Monday, June 27, 2016

These are a Few of My Favorite Things

As my peers have been packing in preparation for leaving Lesotho, we have been discussing the things we packed two years ago. Most of us overpacked. Some, like me, were able to squeak just under the weight limits for luggage, while others were stuck with steep bag fees as penance for over-preparedness.

Looking back, I brought way too many clothes, some I have never worn and thanks to weight loss, will probably never wear again. Toiletries were another bulky item I brought too much of, as almost everything I need can be found here in Lesotho. There are other things that I brought that I have found invaluable. Here are some of my favorite items:


Number One: Chacos-Anyone who knew me before Peace Corps, already knows that I have been living in Chacos for about a decade now. They are my favorite footwear regardless of weather. They may look tacky with socks under the, but when the winter sun comes out and warms things up, I’d still rather be in my Chacos then sneakers or Toms. Turns out my Chacos-even without socks-are warmer than Toms too, thanks to their thick soles insulating my little feet from cold cement and stone.

Number Two: Bralette-These women-friendly wallets are a brilliant find from Eagle Creek. Pretty much any time I leave my community, I have this little guy tucked away out of site. To steal the majority of my cash, the thief would have to get pretty “friendly” with me and would be walking away with some nasty assault charges. The one time I tucked money in my bra loosely, I lost it. In this nifty, washable, silk guy, I do not even notice it is there until I need access to it! Definitely worth the pennies paid.

Number Three: Goal Zero Solar Panel-Living without electricity, my GoalZero stuff has been a lifesaver. I use it almost every day. I could have bought a solar panel here in Lesotho, however, the GoalZero one is designed to be portable so I can toss it in my backpack when headed to work or to visit other volunteers. The battery packs use AA batteries, so I can stock up on power when it is sunny and store it for cloudy ones. The USB plug in lets me charge my phone, speaker, and camera. My friend ended up with electricity and therefore let me borrow his larger panel as well. This has been invaluable in winter months when the days are shorter, making it harder to get my stuff charged. 


Number Four: Good Knives- Okay, I admit it, but American standards (including my own), the two kitchen knives I brought with me do not actually qualify as “good” knives.
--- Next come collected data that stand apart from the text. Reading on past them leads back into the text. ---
(* Let $V$ be a finite set with weights $\pi:V\to\mathbb{R}_+$, $\pi(V)=1$, and let $v_i\in\mathbb{R}^n$, $i\in V$, satisfy $\sum_{i<j}\pi(i)\pi(j)\|v_i-v_j\|^2=1$. Then one of the following holds: (i) (large core) there is a vector $v$ with $\pi\big(\{i:\|v_i-v\|\le\frac{1}{2\sqrt{10}}\}\big)\ge 1/4$; (ii) (well spread) there is a vector $w$ and a constant $c>0$ such that, setting $u_i=c(v_i-w)$, there is a subset $U\subseteq V$ with $\pi(U)\gtrsim1$, $\|u_i\|\le1$ for all $i\in U$, and $\sum_{i,j\in U}\pi(i)\pi(j)\|u_i-u_j\|^2\gtrsim1$.
   Context: $\pi(A)=\sum_{i\in A}\pi(i)$; $\gtrsim$ hides absolute positive constants. *)

From mathcomp Require Import all_boot all_order all_algebra.
Set Implicit Arguments. Unset Strict Implicit. Unset Printing Implicit Defensive.
Import Order.TTheory GRing.Theory Num.Theory.
Local Open Scope ring_scope.

Definition sqnorm (R : rcfType) (n : nat) (x : 'rV[R]_n) : R :=
  \sum_(k < n) (x 0 k) ^+ 2.

Definition enorm (R : rcfType) (n : nat) (x : 'rV[R]_n) : R :=
  Num.sqrt (sqnorm x).

(* Suppose no ball of radius 1/(2 sqrt 10) centred at a point v_i carries
   mass 1/4 (otherwise we are in the first case).  Since the full pair sum is 2,
   some v_i0 has mean squared distance at most 2 to the others; by Markov the
   set U of points within distance 3 of v_i0 has mass at least 7/9.  For every
   i, all of U but mass 1/4 lies at squared distance more than 1/40 from v_i,
   which bounds the spread of U from below; scaling by 1/3 around v_i0 puts U
   in the unit ball. *)

From mathcomp Require Import all_boot all_order all_algebra.
From mathcomp Require Import lra.
Set Implicit Arguments. Unset Strict Implicit. Unset Printing Implicit Defensive.
Import Order.TTheory GRing.Theory Num.Theory.
Local Open Scope ring_scope.

Lemma sum_pairs_sym (R : nmodType) (m : nat) (G : 'I_m -> 'I_m -> R) :
  (forall i j, G i j = G j i) -> (forall i, G i i = 0) ->
  \sum_(i < m) \sum_(j < m) G i j = (\sum_(i < m) \sum_(j < m | (i < j)%N) G i j) *+ 2.
Proof.
move=> GC G0.
have split_row i :
    \sum_(j < m) G i j = \sum_(j < m | (i < j)%N) G i j + \sum_(j < m | (j < i)%N) G i j.
  rewrite [LHS](bigID (fun j : 'I_m => (i < j)%N)) /=.
  rewrite [X in _ + X](bigD1 i) ?ltnn //= G0 add0r.
  by congr (_ + _); apply: eq_bigl => j; rewrite -leqNgt andbC ltn_neqAle.
under eq_bigr do rewrite split_row.
rewrite big_split mulr2n /=; congr (_ + _).
rewrite (exchange_big_dep xpredT) //=.
by apply: eq_bigr => j _; apply: eq_bigr => i _; rewrite GC.
Qed.

Lemma exists_le_mean (R : realDomainType) (I : finType) (pi f : I -> R) :
  (forall i, 0 <= pi i) -> \sum_i pi i = 1 -> exists i, f i <= \sum_i pi i * f i.
Proof.
move=> pi_ge0 pi_sum1.
have [i0 _ | I0] := pickP (@predT I); last first.
  by move: pi_sum1; rewrite big_pred0 // => /eqP; rewrite eq_sym oner_eq0.
case: (arg_minP f (P := predT) (i0 := i0) isT) => i _ i_min; exists i.
rewrite -[f i]mul1r -pi_sum1 mulr_suml; apply: ler_sum => j _.
by rewrite ler_wpM2l // i_min.
Qed.

Lemma markov_sum (R : numDomainType) (I : finType) (P : pred I) (pi g : I -> R) (r : R) :
  (forall i, 0 <= pi i) -> (forall i, 0 <= g i) ->
  r * \sum_(i | P i && (r < g i)) pi i <= \sum_(i | P i) pi i * g i.
Proof.
move=> pi_ge0 g_ge0.
rewrite mulr_sumr [X in _ <= X](bigID (fun i => r < g i)) /= -[X in X <= _]addr0.
apply: lerD; last by apply: sumr_ge0 => i _; rewrite mulr_ge0.
by apply: ler_sum => i /andP[_ /ltW r_le]; rewrite mulrC ler_wpM2l.
Qed.

Lemma sum_filter_andI_ge (R : numDomainType) (I : finType) (P Q : pred I) (pi : I -> R) :
  (forall i, 0 <= pi i) ->
  \sum_(i | P i) pi i - \sum_(i | ~~ Q i) pi i <= \sum_(i | P i && Q i) pi i.
Proof.
move=> pi_ge0; rewrite lerBlDr (bigID Q) /= lerD2l [X in _ <= X](bigID P) /=.
rewrite (eq_bigl (fun i => ~~ Q i && P i)) => [|i]; last by rewrite andbC.
by rewrite lerDl sumr_ge0.
Qed.

Section SquaredNorm.
Variables (R : rcfType) (n : nat).
Implicit Types (x y w : 'rV[R]_n).

Lemma sqnorm_ge0 x : 0 <= sqnorm x.
Proof. by apply: sumr_ge0 => k _; rewrite sqr_ge0. Qed.

Lemma sqnorm0 : sqnorm (0 : 'rV[R]_n) = 0.
Proof. by apply: big1 => k _; rewrite mxE expr0n. Qed.

Lemma sqnormZ (a : R) x : sqnorm (a *: x) = a ^+ 2 * sqnorm x.
Proof. by rewrite /sqnorm mulr_sumr; apply: eq_bigr => k _; rewrite mxE exprMn. Qed.

Lemma sqnormN x : sqnorm (- x) = sqnorm x.
Proof. by apply: eq_bigr => k _; rewrite mxE sqrrN. Qed.

Lemma sqnorm_distC x y : sqnorm (x - y) = sqnorm (y - x).
Proof. by rewrite -sqnormN opprB. Qed.

Lemma sqnormZ_dist (a : R) x y w :
  sqnorm (a *: (x - w) - a *: (y - w)) = a ^+ 2 * sqnorm (x - y).
Proof. by rewrite -scalerBr opprB addrA subrK sqnormZ. Qed.

Lemma enorm_le x (r : R) : 0 <= r -> (enorm x <= r) = (sqnorm x <= r ^+ 2).
Proof.
by move=> r_ge0; rewrite /enorm -[X in _ <= X]ger0_norm // -sqrtr_sqr ler_sqrt ?sqr_ge0.
Qed.

End SquaredNorm.

Lemma core_radius_sqr (R : rcfType) : (1 / (2 * Num.sqrt 10) : R) ^+ 2 = 1 / 40.
Proof.
by rewrite expr_div_n exprMn sqr_sqrtr ?ler0n // expr1n; congr (_ / _); rewrite -natrX -natrM.
Qed.

Section WeightedPoints.
Variables (R : rcfType) (m n : nat) (pi : 'I_m -> R) (v : 'I_m -> 'rV[R]_n).
Hypotheses (pi_ge0 : forall i, 0 <= pi i) (pi_sum1 : \sum_i pi i = 1).

Definition mean_sqdist i := \sum_j pi j * sqnorm (v i - v j).

Lemma exists_mean_sqdist_le2 :
  \sum_(i < m) \sum_(j < m | (i < j)%N) pi i * pi j * sqnorm (v i - v j) = 1 ->
  exists i, mean_sqdist i <= 2.
Proof.
move=> pairs1; have [i le_mean] := exists_le_mean mean_sqdist pi_ge0 pi_sum1.
exists i; suff <- : \sum_i pi i * mean_sqdist i = 2 by [].
rewrite -pairs1 -sum_pairs_sym => [|j k|j]; last first.
- by rewrite subrr sqnorm0 mulr0.
- by rewrite sqnorm_distC [pi j * _]mulrC.
by apply: eq_bigr => j _; rewrite mulr_sumr; apply: eq_bigr => k _; rewrite mulrA.
Qed.

Lemma near_mass_ge i (r : R) : 0 < r ->
  1 - mean_sqdist i / r <= \sum_(j | sqnorm (v i - v j) <= r) pi j.
Proof.
move=> r_gt0; rewrite -pi_sum1 (bigID (fun j => sqnorm (v i - v j) <= r)) /=.
rewrite -addrA gerDl subr_le0 ler_pdivlMr // mulrC.
rewrite (eq_bigl (fun j => predT j && (r < sqnorm (v i - v j)))) => [|j]; last by rewrite ltNge.
by apply: markov_sum => // j; apply: sqnorm_ge0.
Qed.

Lemma sum_in_sqdist_ge (U : {set 'I_m}) (r mu : R) : 0 <= r ->
  (forall i, \sum_(j | enorm (v j - v i) <= r) pi j <= mu) ->
  r ^+ 2 * (\sum_(i in U) pi i) * (\sum_(i in U) pi i - mu) <=
  \sum_(i in U) \sum_(j in U) pi i * pi j * sqnorm (v i - v j).
Proof.
move=> r_ge0 small_core; set p := \sum_(i in U) pi i.
have row_ge i : r ^+ 2 * (p - mu) <= \sum_(j in U) pi j * sqnorm (v i - v j).
  apply: le_trans (markov_sum _ (r ^+ 2) pi_ge0 (fun j => sqnorm_ge0 _)).
  rewrite ler_wpM2l ?sqr_ge0 // (le_trans _ (sum_filter_andI_ge _ _ pi_ge0)) // lerB //.
  rewrite (eq_bigl (fun j => enorm (v j - v i) <= r)) => [|j]; first exact: small_core.
  by rewrite enorm_le // sqnorm_distC leNgt.
rewrite mulrAC mulr_sumr; apply: ler_sum => i _.
under eq_bigr do rewrite -mulrA.
by rewrite -mulr_sumr mulrC ler_wpM2l.
Qed.

End WeightedPoints.

Theorem mainTheorem11 (R : rcfType) :
  exists c1 c2 : R, 0 < c1 /\ 0 < c2 /\
  forall (m n : nat) (pi : 'I_m -> R) (v : 'I_m -> 'rV[R]_n),
    (forall i, 0 <= pi i) ->
    \sum_(i < m) pi i = 1 ->
    \sum_(i < m) \sum_(j < m | (i < j)%N) pi i * pi j * sqnorm (v i - v j) = 1 ->
    (exists x : 'rV[R]_n,
        \sum_(i < m | enorm (v i - x) <= 1 / (2 * Num.sqrt 10)) pi i >= 1 / 4)
    \/
    (exists (w : 'rV[R]_n) (c : R), 0 < c /\
       exists U : {set 'I_m},
         \sum_(i in U) pi i >= c1 /\
         (forall i, i \in U -> enorm (c *: (v i - w)) <= 1) /\
         \sum_(i in U) \sum_(j in U)
            pi i * pi j * sqnorm (c *: (v i - w) - c *: (v j - w)) >= c2).
Proof.
exists (7 / 9), (1 / 1000); split; first lra; split; first lra.
move=> m n pi v pi_ge0 pi_sum1 pairs1.
set r := 1 / (2 * Num.sqrt 10).
have r_ge0 : 0 <= r by rewrite divr_ge0 ?mulr_ge0 ?sqrtr_ge0.
have [/existsP[i core_i] | /existsPn no_core] :=
  boolP [exists i, 1 / 4 <= \sum_(j | enorm (v j - v i) <= r) pi j].
  by left; exists (v i).
right; have [i0 mean_i0] := exists_mean_sqdist_le2 pi_ge0 pi_sum1 pairs1.
pose U := [set j | sqnorm (v i0 - v j) <= 9].
have massU : 7 / 9 <= \sum_(j in U) pi j.
  rewrite (eq_bigl (fun j => sqnorm (v i0 - v j) <= 9)) => [|j]; last by rewrite inE.
  apply: le_trans (near_mass_ge v pi_ge0 pi_sum1 i0 (ltr0Sn _ 8)); lra.
exists (v i0), (1 / 3); split; first lra.
exists U; split; first exact: massU.
split=> [j | ].
  by rewrite inE enorm_le // sqnormZ sqnorm_distC expr_div_n; lra.
have small_core i : \sum_(j | enorm (v j - v i) <= r) pi j <= 1 / 4.
  by rewrite ltW // ltNge no_core.
have := sum_in_sqdist_ge pi_ge0 U r_ge0 small_core; rewrite core_radius_sqr => spread.
under eq_bigr do under eq_bigr do rewrite sqnormZ_dist mulrCA.
under eq_bigr do rewrite -mulr_sumr.
rewrite -mulr_sumr; nra.
Qed.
Compared to what can easily be purchased here in Lesotho, however, these two knives (and my sharpening stone from my sailing days) have proved invaluable. I have one locally bought knife and its edge is actually more rounded than the edge of a spoon. I tried sharpening it but to no avail. I still do not understand how my brothers and mother can use that knife to peel peaches or squash when I cannot get it to work at all. I am pretty sure my sanity and love of cooking would have both become questionable has I not brought these two colorful knives to keep myself happy.


Number Five: Camera-When it comes to cameras, I definitely overpacked. I brought my trusty DSLR, my iPhone, and an Olympus Stylus Tough. I figured I would use them in that order, however, the reality has been that the Stylus is my go to most of the time. The DSLR is too bulky and too flashy for my every day. The phone takes okay photos, but the Stylus takes great photos and can stand up to life’s challenges. I do not hesitate to let kids hold it and look at or take photos on it. I do not worry about it being exposed during a sudden summer downpour. On top of that, it can charge from my solar panel, unlike my DSLR. (Disclaimer: I still adore my little red DSLR and use it mostly on vacations when I anticipate great opportunities for photography nerdiness.)


Honorable Mention...Also known as What I should have packed…A Pastry Knife-While I have always been a fewer gadgets is better kind of person, my time in Lesotho has me baking far more than I have before. I survived using a fork to break up butter to make scones, sweet breads, apple crisp, and more. Then my sister visited me and laughed at my efforts. As soon as she returned to America, she bought me my very first pastry knife. This thing is better than gold! It does all the things it is supposed to do and even mashes bananas for banana bread and eggs for egg salad!